(* Let $\mathcal V=(0,1/16)^2$ and let $\mathcal K$ be the set of $(p,q)\in\mathcal V$ for which $K_{pq}$ is a twofold Cantor set. Then $\mathcal K$ has full two-dimensional Lebesgue measure in $\mathcal V$, and its complement $\mathcal V\setminus\mathcal K$ is uncountable and dense in $\mathcal V$.
   Context: For $p,q\in(0,1/2)$ let $S_1(x)=px$, $S_2(x)=qx$, $S_3(x)=px+1-p$, $S_4(x)=qx+1-q$, let $K_{pq}$ be the attractor of $\{S_1,S_2,S_3,S_4\}$ (the unique nonempty compact $K\subset\mathbb R$ with $K=\bigcup_{i=1}^4S_i(K)$), and let $A=S_3(K_{pq})\cup S_4(K_{pq})$. $K_{pq}$ is called a twofold Cantor set if $S_1^m(A)\cap S_2^n(A)=\varnothing$ for all $m,n\in\mathbb N$. *)

From HB Require Import structures.
From mathcomp Require Import all_boot all_order all_algebra.
From mathcomp Require Import all_classical all_reals all_analysis.
Set Implicit Arguments. Unset Strict Implicit. Unset Printing Implicit Defensive.
Import Order.TTheory GRing.Theory Num.Theory.
Import numFieldNormedType.Exports.
Local Open Scope classical_set_scope.
Local Open Scope ring_scope.

Definition S1 {R : realType} (p q x : R) : R := p * x.
Definition S2 {R : realType} (p q x : R) : R := q * x.
Definition S3 {R : realType} (p q x : R) : R := p * x + 1 - p.
Definition S4 {R : realType} (p q x : R) : R := q * x + 1 - q.

(* K is the attractor of {S1,S2,S3,S4}: nonempty compact with K = U S_i(K).
   (Unique by Hutchinson's theorem.) *)
Definition is_attractor {R : realType} (p q : R) (K : set R) : Prop :=
  K !=set0 /\ compact K /\
  K = (S1 p q @` K) `|` (S2 p q @` K) `|` (S3 p q @` K) `|` (S4 p q @` K).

· · · · ·

Print from the line containing "(* K is the" to the last line above, exactly as written.

(* K is the attractor of {S1,S2,S3,S4}: nonempty compact with K = U S_i(K).
   (Unique by Hutchinson's theorem.) *)
Definition is_attractor {R : realType} (p q : R) (K : set R) : Prop :=
  K !=set0 /\ compact K /\
  K = (S1 p q @` K) `|` (S2 p q @` K) `|` (S3 p q @` K) `|` (S4 p q @` K).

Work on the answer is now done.